#### [Activity]
State how many lines in the following entries hold the word "unliftP". The reply is that number only.

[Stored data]
******************************

Definition two_form (gamma : 'rV[R]_m -> 'M[R]_m) : Prop :=
  (forall x, chart_dom x -> (gamma x)^T = - gamma x) /\
  (forall a b, smooth_on chart_dom (fun y => gamma y a b)).

End Defs.

From Pilot Require Import Defs.
From HB Require Import structures.
From mathcomp Require Import all_boot all_order all_algebra.
From mathcomp Require Import all_classical all_reals all_analysis.
From mathcomp Require Import ring lra.
Import Order.TTheory GRing.Theory Num.Theory.
Import numFieldNormedType.Exports.
Local Open Scope ring_scope.
Local Open Scope classical_set_scope.

(** In the chart, [rho = sqrt q] and the tangent vector [eta = d(sqrt q)(d/dx_i)]
  has components [dq_a / (2 rho_a)]; since [sum_a dq_a = 0], [eta] is orthogonal
  to [rho], so [T(W)_i = eta^T W rho].  For symmetric [S] this is
  [d/dx_i (rho^T S rho / 2)].  For skew [F], put [T_abc = rho_a rho_b rho_c / P]
  with [P] the product of the first [m] coordinates [rho_l]; the antisymmetric
  field [Gam^ik = c (F_kn T_iik - F_in T_kki) + F_ki T_nki], [c = -1/(m-1)],
  satisfies [sum_i d_i Gam^ik = - rho_k (F rho)_k / (2 rho_n P)].  As
  [det g_F = 1 / prod_a q_a], the 2-form [gamma = sqrt|g|^-1 g Gam g] has
  [sqrt|g| g^-1 gamma g^-1 = Gam], and lowering the index of the divergence
  with [g_F] (using [rho^T F rho = 0]) gives back [eta^T F rho].  Smoothness
  holds because all functions involved are Laurent polynomials in the [rho_a]
  on the chart domain, a class closed under differentiation. *)

Section NearDifferentiable.
Context {R : realType} {V W : normedModType R}.

Lemma differentiable_near0 (h : V -> W) (x : V) :
  (\forall y \near x, h y = 0) -> differentiable h x.
Proof.
move=> h0.
have hx : h x = 0 by apply: nbhs_singleton h0.
have P : h \o shift x = cst (h x) + (\0 : {linear V -> W}) +o_ (nbhs (0:V)) id.
  apply/eqaddoP => e e0 /=.
  move/nbhs0P: h0; apply: filterS => k hk.
  have -> : (h \o +%R^~ x - (cst (h x) + \0)) k = 0.
    by rewrite !fctE /= (addrC k x) hk hx addr0 subr0.
  by rewrite normr0 mulr_ge0 // ltW.
have c0 : continuous (\0 : {linear V -> W}) by move=> ?; exact: cst_continuous.
by apply/diff_locallyP; rewrite (diff_unique _ P).
Qed.

Lemma near_eq_differentiable (f g : V -> W) (x : V) :
  (\forall y \near x, f y = g y) -> differentiable f x -> differentiable g x.
Proof.
move=> fg df.
have -> : g = f + (g - f) by rewrite addrC subrK.
apply: differentiableD => //; apply: differentiable_near0.
by apply: filterS fg => y /= fg; rewrite !fctE fg subrr.
Qed.

End NearDifferentiable.

Section PointwiseDerive.
Context {R : realType} {V : normedModType R}.
Implicit Types (f g : V -> R) (x v : V).

Lemma differentiable_add f g x : differentiable f x -> differentiable g x ->
  differentiable (fun y => f y + g y) x.
Proof. by move=> df dg; exact: (differentiableD df dg). Qed.

Lemma differentiable_opp f x : differentiable f x ->
  differentiable (fun y => - f y) x.
Proof. by move=> df; exact: (differentiableN df). Qed.

Lemma differentiable_mul f g x : differentiable f x -> differentiable g x ->
  differentiable (fun y => f y * g y) x.
Proof. by move=> df dg; exact: (differentiableM df dg). Qed.

Lemma differentiable_sumr n (F : 'I_n -> V -> R) x :
  (forall i, differentiable (F i) x) ->
  differentiable (fun y => \sum_(i < n) F i y) x.
Proof. by move=> dF; rewrite -fct_sumE; exact: differentiable_sum. Qed.

Lemma differentiable_prodr (I : Type) (s : seq I) (F : I -> V -> R) x :
  (forall i, differentiable (F i) x) ->
  differentiable (fun y => \prod_(i <- s) F i y) x.
Proof.
move=> dF; elim: s => [|a s IH].
  by under eq_fun do rewrite big_nil; exact: differentiable_cst.
by under eq_fun do rewrite big_cons; exact: differentiable_mul.
Qed.

Lemma derive_add f g x v : differentiable f x -> differentiable g x ->
  derive (fun y => f y + g y) x v = derive f x v + derive g x v.
Proof.
by move=> df dg; rewrite (deriveD (diff_derivable (v:=v) df) (diff_derivable (v:=v) dg)).
Qed.

Lemma derive_opp f x v : differentiable f x ->
  derive (fun y => - f y) x v = - derive f x v.
Proof. by move=> df; rewrite (deriveN (diff_derivable (v:=v) df)). Qed.

Lemma derive_mul f g x v : differentiable f x -> differentiable g x ->
  derive (fun y => f y * g y) x v = f x * derive g x v + g x * derive f x v.
Proof.
by move=> df dg; rewrite (deriveM (diff_derivable (v:=v) df) (diff_derivable (v:=v) dg)).
Qed.

Lemma derive_mull (c : R) f x v : differentiable f x ->
  derive (fun y => c * f y) x v = c * derive f x v.
Proof.
move=> df; rewrite (derive_mul _ _ _ v (differentiable_cst c x) df).
by rewrite derive_cst mulr0 addr0.
Qed.

Lemma derive_inv f x v : differentiable f x -> f x != 0 ->
  derive (fun y => (f y)^-1) x v = - (f x) ^- 2 * derive f x v.
Proof. by move=> df f0; rewrite (deriveV f0 (diff_derivable (v:=v) df)). Qed.

Lemma derive_sumr n (F : 'I_n -> V -> R) x v :
  (forall i, differentiable (F i) x) ->
  derive (fun y => \sum_(i < n) F i y) x v = \sum_(i < n) derive (F i) x v.
Proof.
by move=> dF; rewrite -fct_sumE derive_sum // => i; exact: diff_derivable.
Qed.

Lemma derive_prodr (I : Type) (s : seq I) (F : I -> V -> R) x v :
  (forall i, differentiable (F i) x) -> (forall i, F i x != 0) ->
  derive (fun y => \prod_(i <- s) F i y) x v =
  (\prod_(i <- s) F i x) * \sum_(i <- s) derive (F i) x v / F i x.
Proof.
move=> dF nF; elim: s => [|a s IH].
  by under eq_fun do rewrite big_nil; rewrite derive_cst !big_nil mulr0.
under eq_fun do rewrite big_cons.
rewrite derive_mul //; last exact: differentiable_prodr.
by rewrite IH !big_cons; field; apply: nF.
Qed.

End PointwiseDerive.

Lemma big_ord_recr_lift (T : Type) (idx : T) (op : Monoid.law idx) n
    (F : 'I_n.+1 -> T) :
  \big[op/idx]_i F i = op (\big[op/idx]_(i < n) F (lift ord_max i)) (F ord_max).
Proof.
rewrite big_ord_recr /=; congr (op _ _); apply: eq_bigr => i _.
by congr F; apply/val_inj; exact: (esym (lift_max i)).
Qed.

Section BilinearForms.
Context {R : numFieldType}.

Lemma bilin_mxE n (r s : 'rV[R]_n) (M : 'M[R]_n) :
  (r *m M *m s^T) 0 0 = \sum_a r 0 a * \sum_b M a b * s 0 b.
Proof.
rewrite mxE; under eq_bigr do rewrite !mxE mulr_suml.
rewrite exchange_big /=; apply: eq_bigr => a _; rewrite mulr_sumr.
by apply: eq_bigr => b _; rewrite mulrA.
Qed.

Lemma mx11_trmx (M : 'M[R]_1) : M 0 0 = M^T 0 0.
Proof. by rewrite mxE. Qed.

Lemma bilin_sym n (S : 'M[R]_n) (r s : 'rV[R]_n) : S^T = S ->
  (r *m S *m s^T) 0 0 = (s *m S *m r^T) 0 0.
Proof. by move=> hS; rewrite mx11_trmx !trmx_mul trmxK hS mulmxA. Qed.

Lemma bilin_skew_eq0 n (F : 'M[R]_n) (r : 'rV[R]_n) : F^T = - F ->
  (r *m F *m r^T) 0 0 = 0.
Proof.
move=> hF; apply/eqP; rewrite -eqNr; apply/eqP.
by rewrite [RHS]mx11_trmx !trmx_mul trmxK hF mulmxA mulmxN mulNmx [RHS]mxE.
Qed.

Lemma skew_mxE n (F : 'M[R]_n) a b : F^T = - F -> F b a = - F a b.
Proof. by move=> hF; have := congr1 (fun M : 'M[R]_n => M a b) hF; rewrite !mxE. Qed.

Lemma skew_mx_diag n (F : 'M[R]_n) a : F^T = - F -> F a a = 0.
Proof. by move=> hF; apply/eqP; rewrite -eqNr -skew_mxE. Qed.

End BilinearForms.

Section RankOne.
Context {R : comRingType} {k : nat}.

Lemma det_add_rank1 (A Ai : 'M[R]_k) (u w : 'rV[R]_k) :
  A *m Ai = 1%:M -> \det (A + u^T *m w) = \det A * (1 + (w *m Ai *m u^T) 0 0).
Proof.
move=> AAi.
pose M := block_mx (1%:M : 'M[R]_1) w (- u^T) A.
pose L1 := block_mx (1%:M : 'M[R]_1) 0 u^T (1%:M : 'M[R]_k).
pose L2 := block_mx (1%:M : 'M[R]_1) 0 (Ai *m u^T) (1%:M : 'M[R]_k).
have E1 : L1 *m M = block_mx 1%:M w 0 (A + u^T *m w).
  by rewrite /L1 /M mulmx_block !mul1mx !mulmx1 !mul0mx !addr0 subrr addrC.
have E2 : M *m L2 = block_mx (1%:M + w *m Ai *m u^T) w 0 A.
  by rewrite /L2 /M mulmx_block !mul1mx !mulmx1 !mulmx0 !add0r !mulmxA AAi mul1mx addNr.
have dL1 : \det L1 = 1 by rewrite /L1 det_lblock !det1 mulr1.
have dL2 : \det L2 = 1 by rewrite /L2 det_lblock !det1 mulr1.
have := congr1 determinant E1; rewrite det_mulmx dL1 mul1r det_ublock det1 mul1r.
move=> <-; have := congr1 determinant E2; rewrite det_mulmx dL2 mulr1 det_ublock => ->.
by rewrite det_mx11 mulrC; congr (_ * _); rewrite mxE [X in X + _]mxE eqxx.
Qed.

End RankOne.

Section ProbabilitySimplex.
Context {R : realType} {m : nat}.
Local Notation D := (chart_dom (R:=R) (m:=m)).
Local Notation imax := (@ord_max m).
Local Notation ilift := (@lift m.+1 ord_max).
Implicit Types (x y v : 'rV[R]_m) (a b c : 'I_m.+1) (W S F : 'M[R]_m.+1).

Definition qcoord a y : R := qof y 0 a.
Definition rho a y : R := Num.sqrt (qcoord a y).
Definition dqcoord a v : R :=
  match unlift imax a with Some j => v 0 j | None => - \sum_j v 0 j end.
Definition dsqrtq v x : 'rV[R]_m.+1 := \row_a (dqcoord a v / (2 * rho a x)).

Lemma qcoord_fun a : qcoord a =
  fun y => match unlift imax a with Some j => y 0 j | None => 1 - \sum_j y 0 j end.
Proof. by apply: funext => y; rewrite /qcoord /qof mxE. Qed.

Lemma qcoord_lift l y : qcoord (ilift l) y = y 0 l.
Proof. by rewrite qcoord_fun liftK. Qed.

Lemma qcoord_max y : qcoord imax y = 1 - \sum_j y 0 j.
Proof. by rewrite qcoord_fun unlift_none. Qed.

Lemma sqrtqE y a : sqrtq y 0 a = rho a y.
Proof. by rewrite /sqrtq mxE. Qed.

Lemma dsqrtqE v x a : dsqrtq v x 0 a = dqcoord a v / (2 * rho a x).
Proof. by rewrite mxE. Qed.

Lemma dqcoord_lift l v : dqcoord (ilift l) v = v 0 l.
Proof. by rewrite /dqcoord liftK. Qed.

Lemma dqcoord_max v : dqcoord imax v = - \sum_j v 0 j.
Proof. by rewrite /dqcoord unlift_none. Qed.

Lemma sum_dqcoord v : \sum_a dqcoord a v = 0.
Proof.
rewrite big_ord_recr_lift /= dqcoord_max; under eq_bigr do rewrite dqcoord_lift.
by rewrite subrr.
Qed.

Lemma dqcoord_ecoord_lift l i : dqcoord (ilift l) (ecoord R i) = (l == i)%:R.
Proof. by rewrite dqcoord_lift /ecoord mxE eqxx. Qed.

Lemma dqcoord_ecoord_max i : dqcoord imax (ecoord R i) = -1.
Proof.
rewrite dqcoord_max (bigD1 i) //= /ecoord mxE !eqxx big1 ?addr0 // => j /negPf ji.
by rewrite mxE ji.
Qed.

Lemma sum_dqcoord_ecoord a (G : 'I_m -> R) :
  \sum_k dqcoord a (ecoord R k) * G k = dqcoord a (\row_k G k).
Proof.
case: (unliftP imax a) => [l ->|->].
  rewrite dqcoord_lift mxE (bigD1 l) //= dqcoord_ecoord_lift eqxx mul1r.
  rewrite big1 ?addr0 // => k /negPf kl.
  by rewrite dqcoord_ecoord_lift eq_sym kl mul0r.
rewrite dqcoord_max -sumrN; apply: eq_bigr => k _.
by rewrite dqcoord_ecoord_max mxE mulN1r.
Qed.

Lemma chart_domP y : D y <-> forall a, 0 < qcoord a y.
Proof.
split=> [[pos sum1] a|pos]; first case: (unliftP imax a) => [l ->|->].
- by rewrite qcoord_lift.
- by rewrite qcoord_max subr_gt0.
split=> [l|]; first by rewrite -qcoord_lift.
by rewrite -subr_gt0 -qcoord_max.
Qed.

Lemma derive_coord (j : 'I_m) x v : derive (fun y : 'rV[R]_m => y 0 j) x v = v 0 j.
Proof.
have := derive_mx (M := id) (t := x) (v := v) (@derivable_id _ _ x v).
by rewrite derive_id => /(congr1 (fun M : 'rV[R]_m => M 0 j)); rewrite mxE.
Qed.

******************************

#### [Answer for this exercise]
2